Part of communicating effectively is listening. A coach should be a compassionate

ear and should welcome the athletes comments, questions and input. The effective

coach will actively seek out information from athletes, and work in an environment

where athletes are encouraged to present ideas and thoughts to the coach. Finally,

the good coach will be flexible and will use player feedback to modify the training plan

if necessary.


8. Is Disciplined, Strong in Character and Integrity

Athletes need to adhere to a reasonable set of rules both on and off the field and if

these are ignored the coach is responsible for discipline. Trust between athlete and

coach is of paramount importance at all times and essential for successful coaching –

trust comes from the quality of the actions from both coach and player alike The

effective coach clearly states a code of conduct up front and adheres to it. When

violations do occur, discipline should follow. Evidence supports that for discipline to

effectively change behavior, it must be mild, prompt and consistent. Committed to

individual integrity, values and personal growth.


9. Leads by Example with very High Attitude to Hard Work

The effective coach also leads by example. A good coach adheres to the same rules

he/she expects of athletes. A coach who wants respect should also show respect. A

coach who expects athletes to remain positive needs to display a positive attitude. A

coach who wants athletes to listen should also listen to athletes.

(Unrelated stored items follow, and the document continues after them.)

Definition RR_space (K F : fieldType) (phi : {rmorphism K -> F})
  (A : place phi -> int) (z : F) : Prop :=
  z = 0 \/ forall P, exists n, valuation_is P z n /\ - A P <= n.

Definition lin_dim (K F : fieldType) (phi : {rmorphism K -> F})
  (S : F -> Prop) (n : nat) : Prop :=
  exists e : 'I_n -> F,
    [/\ (forall i, S (e i)),
        (forall z, S z -> exists c : 'I_n -> K, z = \sum_(i < n) phi (c i) * e i)
      & (forall c : 'I_n -> K, \sum_(i < n) phi (c i) * e i = 0 ->
            forall i, c i = 0)].

Definition is_genus (K F : fieldType) (phi : {rmorphism K -> F}) (g : nat) : Prop :=
  (forall (A : place phi -> int) (l : nat), divisor_fin A ->
      lin_dim phi (RR_space A) l -> div_deg A - l%:Z + 1 <= g%:Z) /\
  (exists (A : place phi -> int) (l : nat), [/\ divisor_fin A,
      lin_dim phi (RR_space A) l & div_deg A - l%:Z + 1 = g%:Z]).

Definition card_is (T : Type) (S : T -> Prop) (n : nat) : Prop :=
  exists f : 'I_n -> T, injective f /\ forall x, S x <-> exists i, f i = x.

Definition num_eff_divisors (K F : fieldType) (phi : {rmorphism K -> F})
  (n : nat) (An : nat) : Prop :=
  card_is (fun D : place phi -> int =>
    [/\ divisor_fin D, effective D & div_deg D = n%:Z]) An.

Definition num_places (K F : fieldType) (phi : {rmorphism K -> F})
  (r : nat) (Br : nat) : Prop :=
  card_is (fun P : place phi => deg_place P = r) Br.

From HB Require Import structures.
From mathcomp Require Import all_boot all_order all_algebra.
From mathcomp Require Import zify.
From Stdlib Require List.
From Stdlib Require Import ClassicalEpsilon FunctionalExtensionality.
Set Implicit Arguments. Unset Strict Implicit. Unset Printing Implicit Defensive.
Import Order.TTheory GRing.Theory Num.Theory.
Local Open Scope ring_scope.

(* An effective divisor of degree n <= N := g - 2 lives on the finitely many
   places of degree at most N, so it is determined by its multiplicities there.
   Grouping the places by their degree r, the multiplicities at the B_r places
   of degree r form a multiset of some size b with r b <= N, and there are at
   most C(B_r + b - 1, b) such multisets.  Hence, for every x >= 0,
   sum_(n <= N) A_n x^n is at most the product over r of the truncated series
   sum_(b <= N / r) C(B_r + b - 1, b) x^(r b); take x = 1/q. *)

Section Multisets.
Variables (T : finType) (N : nat).
Implicit Types (v : {ffun T -> 'I_N.+1}) (S : {set T}).

Definition mass v : nat := (\sum_t v t)%N.

Definition weight (deg : T -> nat) v : nat := (\sum_t deg t * v t)%N.

Definition supported_in S v : bool := [forall t, (t \notin S) ==> (v t == ord0)].

Lemma supported_inP S v : reflect (forall t, t \notin S -> v t = ord0) (supported_in S v).
Proof.
apply: (iffP forallP) => vS t; last by apply/implyP => /vS ->.
by move=> tS; apply/eqP/(implyP (vS t)).
Qed.

Lemma mass_supported S v : supported_in S v -> mass v = (\sum_(t in S) v t)%N.
Proof.
move/supported_inP=> vS; rewrite /mass (bigID (mem S)) /= [X in (_ + X)%N]big1 ?addn0 //.
by move=> t /vS ->.
Qed.

Lemma card_supported_mass S b :
  (#|[set v | supported_in S v & mass v == b]| <= 'C(#|S| + b - 1, b))%N.
Proof.
have [S0 | /prednK eS] := posnP #|S|.
  have S_0 : S = set0 by apply/eqP; rewrite -cards_eq0 S0.
  have vE v : supported_in S v -> v = [ffun => ord0].
    by move/supported_inP=> vS; apply/ffunP => t; rewrite ffunE vS // S_0 inE.
  rewrite S0 add0n; case: b => [|b].
    rewrite bin0 -(cards1 ([ffun => ord0] : {ffun T -> 'I_N.+1})) subset_leq_card //.
    by apply/subsetP => v; rewrite !inE => /andP[/vE -> _].
  rewrite subn1 /= bin_small // leqn0 cards_eq0; apply/eqP/setP => v; rewrite !inE.
  apply/negbTE/negP => /andP[/vE -> /eqP].
  by rewrite /mass big1 // => t _; rewrite ffunE.
set m := #|S|.-1 in eS.
rewrite -eS addSn subn1 /= -[X in 'C(_, X)](addKn m b) bin_sub ?leq_addr //.
rewrite -card_ord_partitions.
pose h v : m.+1.-tuple 'I_b.+1 :=
  [tuple (inord (v (enum_val (cast_ord eS k))) : 'I_b.+1) | k < m.+1].
pose V := [set v | supported_in S v & mass v == b].
have inV v : (v \in V) = supported_in S v && (mass v == b) by rewrite inE.
have le_b v : v \in V -> forall t, (v t <= b)%N.
  by rewrite inV => /andP[_ /eqP <-] t; rewrite /mass (bigD1 t) //= leq_addr.
have sum_h v : v \in V -> (\sum_(k <- h v) k = mass v)%N.
  move=> vV; have /andP[vS _] : supported_in S v && (mass v == b) by rewrite -inV.
  rewrite big_tuple (mass_supported vS) (big_enum_val (fun t => nat_of_ord (v t))) /=.
  rewrite [RHS](reindex (cast_ord eS)) /=; last first.
    by exists (cast_ord (esym eS)) => k _; rewrite ?cast_ordK ?cast_ordKV.
  by apply: eq_bigr => k _; rewrite tnth_mktuple inordK // ltnS le_b.
rewrite -(card_in_imset (f := h) (D := mem V)); last first.
  move=> v w vV wV /= hvw; apply/ffunP => t; apply/val_inj.
  have /andP[/supported_inP vS _] : supported_in S v && (mass v == b) by rewrite -inV.
  have /andP[/supported_inP wS _] : supported_in S w && (mass w == b) by rewrite -inV.
  have [tS | tS] := boolP (t \in S); last by rewrite vS // wS.
  have := congr1 (fun s : m.+1.-tuple _ =>
    nat_of_ord (tnth s (cast_ord (esym eS) (enum_rank_in tS t)))) hvw.
  by rewrite /= !tnth_mktuple cast_ordKV enum_rankK_in // !inordK // ltnS le_b.
apply: subset_leq_card; apply/subsetP => _ /imsetP[v vV ->].
by rewrite inE sum_h //; move: vV; rewrite inV => /andP[].
Qed.

Section Slices.
Variable deg : T -> nat.
Hypothesis deg_range : forall t, (0 < deg t <= N)%N.

Definition slices v : {ffun 'I_N -> {ffun T -> 'I_N.+1}} :=
  [ffun i : 'I_N => [ffun t => if deg t == i.+1 then v t else ord0]].

Lemma deg_ord t : {i : 'I_N | deg t = i.+1}.
Proof.
have /andP[deg_gt0 deg_le] := deg_range t.
have lt_N : ((deg t).-1 < N)%N by rewrite (leq_trans _ deg_le) // ltn_predL.
by exists (Ordinal lt_N); rewrite /= prednK.
Qed.

Lemma slices_supported v (i : 'I_N) : supported_in [set t | deg t == i.+1] (slices v i).
Proof. by apply/supported_inP => t; rewrite !inE !ffunE => /negbTE ->. Qed.

Lemma weight_slices v : weight deg v = (\sum_(i < N) i.+1 * mass (slices v i))%N.
Proof.
rewrite /weight /mass; under [RHS]eq_bigr do rewrite big_distrr /=.
rewrite exchange_big; apply: eq_bigr => t _ /=; have [i deg_t] := deg_ord t.
rewrite (bigD1 i) //= big1 => [|j j_neq]; rewrite !ffunE deg_t ?eqxx ?addn0 //.
by rewrite eqSS (inj_eq val_inj) eq_sym (negbTE j_neq) muln0.
Qed.

Lemma slices_inj : injective slices.
Proof.
move=> v w vw; apply/ffunP => t; have [i deg_t] := deg_ord t.
have := congr1 (fun f : {ffun 'I_N -> {ffun T -> 'I_N.+1}} => f i t) vw.
by rewrite !ffunE deg_t eqxx.
Qed.

End Slices.

End Multisets.

Section GeneratingBound.
Variables (R : numDomainType) (x : R).
Hypothesis x_ge0 : 0 <= x.

Lemma sum_card_fibers (I : finType) (P : pred I) (s : I -> nat) (F : nat -> R) K :
  \sum_(i | P i && (s i < K)%N) F (s i)
  = \sum_(0 <= b < K) #|[set i | P i & s i == b]|%:R * F b.
Proof.
rewrite big_mkcondr /=.
have sum_eq i : (if (s i < K)%N then F (s i) else 0)
    = \sum_(0 <= b < K) if b == s i then F b else 0.
  by rewrite -big_mkcond big_nat1_eq.
under eq_bigr do rewrite sum_eq.
rewrite exchange_big /=; apply: eq_bigr => b _.
rewrite -big_mkcondr /= -sum1dep_card natr_sum mulr_suml.
by apply: eq_big => [i | i /andP[_ /eqP ->]]; rewrite ?mul1r // eq_sym.
Qed.

Lemma sum_supported_mass_pow (T : finType) N (S : {set T}) r : (0 < r)%N ->
  \sum_(v : {ffun T -> 'I_N.+1} | supported_in S v && (r * mass v <= N)%N) x ^+ (r * mass v)
  <= \sum_(0 <= b < (N %/ r).+1) 'C(#|S| + b - 1, b)%:R * x ^+ (r * b).
Proof.
move=> r_gt0.
have le_div v : (r * mass v <= N)%N = (mass v < (N %/ r).+1)%N.
  by rewrite ltnS leq_divRL // mulnC.
under eq_bigl do rewrite le_div.
rewrite (sum_card_fibers _ _ (fun b => x ^+ (r * b))).
apply: ler_sum_nat => b _; rewrite ler_wpM2r ?exprn_ge0 // ler_nat.
exact: card_supported_mass.
Qed.

Lemma sum_bin_empty_series K r :
  \sum_(0 <= b < K.+1) 'C(0 + b - 1, b)%:R * x ^+ (r * b) = 1 :> R.
Proof.
rewrite big_ltn // big_nat big1 => [|b /andP[b_gt0 _]].
  by rewrite muln0 expr0 mulr1 bin0 addr0.
by rewrite add0n bin_small ?mul0r // subn1 prednK.
Qed.

Lemma sum_weight_pow_le (T : finType) N (deg : T -> nat) :
  (forall t, 0 < deg t <= N)%N ->
  \sum_(0 <= n < N.+1) #|[set v : {ffun T -> 'I_N.+1} | weight deg v == n]|%:R * x ^+ n
  <= \prod_(1 <= r < N.+1 | (0 < #|[set t | deg t == r]|)%N)
       \sum_(0 <= b < (N %/ r).+1) 'C(#|[set t | deg t == r]| + b - 1, b)%:R * x ^+ (r * b).
Proof.
move=> deg_range.
pose slot (i : 'I_N) := [set t | deg t == i.+1].
pose G (i : 'I_N) (w : {ffun T -> 'I_N.+1}) :=
  if supported_in (slot i) w && (i.+1 * mass w <= N)%N then x ^+ (i.+1 * mass w) else 0.
have G_ge0 i w : 0 <= G i w by rewrite /G; case: ifP; rewrite ?exprn_ge0.
have prodG_ge0 (f : {ffun 'I_N -> {ffun T -> 'I_N.+1}}) : 0 <= \prod_i G i (f i).
  exact: prodr_ge0.
(* Each slice of a [v] of weight at most N is capped separately; this is what
   truncates the factor of degree r at b <= N %/ r. *)
rewrite -(sum_card_fibers predT (weight deg) (fun n => x ^+ n)).
apply: le_trans (_ : _ <= \sum_v \prod_i G i (slices deg v i)) _.
  rewrite [leRHS](bigID (fun v => weight deg v < N.+1)%N) /=.
  apply: ler_wpDr; first exact: sumr_ge0.
  apply: ler_sum => v w_le; rewrite weight_slices // -prodrXr; apply: ler_prod => i _.
  rewrite exprn_ge0 //= /G slices_supported ifT //.
  by rewrite -ltnS (leq_ltn_trans _ w_le) // weight_slices // (bigD1 i) //= leq_addr.
apply: le_trans
  (_ : _ <= \sum_(f : {ffun 'I_N -> {ffun T -> 'I_N.+1}}) \prod_i G i (f i)) _.
  rewrite -(big_imset (fun f : {ffun 'I_N -> _} => \prod_i G i (f i))
    (in2W (slices_inj deg_range))) /=.
  by rewrite [leRHS](bigID (mem (slices deg @: predT))) /= lerDl sumr_ge0.
rewrite -bigA_distr_bigA /= [leRHS]big_mkcond big_add1 big_mkord /=.
apply: ler_prod => i _; rewrite sumr_ge0 //= -big_mkcond /=.
case: posnP => [slot_empty | _]; last exact: sum_supported_mass_pow.
have := sum_supported_mass_pow N (slot i) (ltn0Sn i).
by rewrite /slot slot_empty sum_bin_empty_series.
Qed.

End GeneratingBound.

Lemma In_mem (T : eqType) (x : T) (s : seq T) : List.In x s <-> x \in s.
Proof.
elim: s => [|y s IH] //=; rewrite in_cons; split.
  by case=> [->|/IH ->]; rewrite ?eqxx ?orbT.
by case/orP => [/eqP ->|/IH]; [left|right].
Qed.

Lemma NoDup_uniq (T : eqType) (s : seq T) : List.NoDup s <-> uniq s.
Proof.
elim: s => [|y s IH] /=; first by split => // _; constructor.
rewrite List.NoDup_cons_iff IH; split.
  by case=> h1 h2; rewrite h2 andbT; apply/negP => /In_mem.
by case/andP => h1 h2; split => //; move/In_mem; apply/negP.
Qed.

Lemma card_tag_eq (I : finType) (J : I -> finType) (i : I) :
  #|[set p : {i : I & J i} | tag p == i]| = #|J i|.
Proof.
rewrite -(card_imset _ (@eq_from_Tagged I J i)); apply: eq_card => p.
rewrite !inE; apply/eqP/imsetP => [|[j _ ->] //].
by case: p => i' j /= <-; exists j.
Qed.

Section Divisors.
Variables (K F : fieldType) (phi : {rmorphism K -> F}).

Definition place_eqb (P Q : place phi) : bool :=
  if excluded_middle_informative (P = Q) then true else false.

Lemma place_eqP : Equality.axiom place_eqb.
Proof. by move=> P Q; rewrite /place_eqb; case: excluded_middle_informative; constructor. Qed.

HB.instance Definition _ := hasDecEq.Build (place phi) place_eqP.

Implicit Types (D : place phi -> int) (P : place phi).

Lemma div_degE D s : divisor_fin D -> uniq s -> (forall P, D P != 0 -> P \in s) ->
  div_deg D = \sum_(P <- s) D P * (deg_place P)%:Z.
Proof.
move=> [s0 s0_supp] s_uniq s_supp.
have : exists d : int, exists s1 : seq (place phi), [/\ List.NoDup s1,
    (forall P, D P <> 0 -> List.In P s1) & d = \sum_(P <- s1) D P * (deg_place P)%:Z].
  exists (\sum_(P <- undup s0) D P * (deg_place P)%:Z), (undup s0); split => //.
    by apply/NoDup_uniq; rewrite undup_uniq.
  by move=> P /s0_supp /In_mem; rewrite -mem_undup => /In_mem.
move/(epsilon_spec (inhabits 0)); rewrite -/(div_deg D).
case=> s1 [/NoDup_uniq s1_uniq s1_supp ->]; apply: perm_big_supp.
apply: uniq_perm; rewrite ?filter_uniq // => P; rewrite !mem_filter.
have [-> | DP0] := eqVneq (D P) 0; first by rewrite mul0r eqxx.
by rewrite s_supp //; move/eqP: DP0 => /s1_supp /In_mem ->.
Qed.

Lemma effective_le_div_deg D P : divisor_fin D -> effective D ->
  D P * (deg_place P)%:Z <= div_deg D.
Proof.
move=> [s0 s0_supp] D_ge0.
have supp_s0 Q : D Q != 0 -> Q \in undup s0.
  by move=> /eqP /s0_supp /In_mem; rewrite mem_undup.
rewrite (@div_degE D (undup s0)) ?undup_uniq //; last by exists s0.
have terms_ge0 Q : 0 <= D Q * (deg_place Q)%:Z by rewrite mulr_ge0.
have [-> | /supp_s0 Ps0] := eqVneq (D P) 0; first by rewrite mul0r sumr_ge0.
by rewrite (bigD1_seq P) ?undup_uniq //= lerDl sumr_ge0.
Qed.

10. Displays Commitment and Clear Passion for the Sport

The best coaches are in the profession because they love it. Besides being strongly

committed to the sports and success, the best coaches display a clear commitment to

looking out for the best interest of the individual athletes. Coaching in many ways is a

24/7 365-days-a-year job as top coaches live and sleep the art of coaching. Able to

think of every possible scenario and allow the athlete and coach to perform at their

best when the pressure is at its greatest.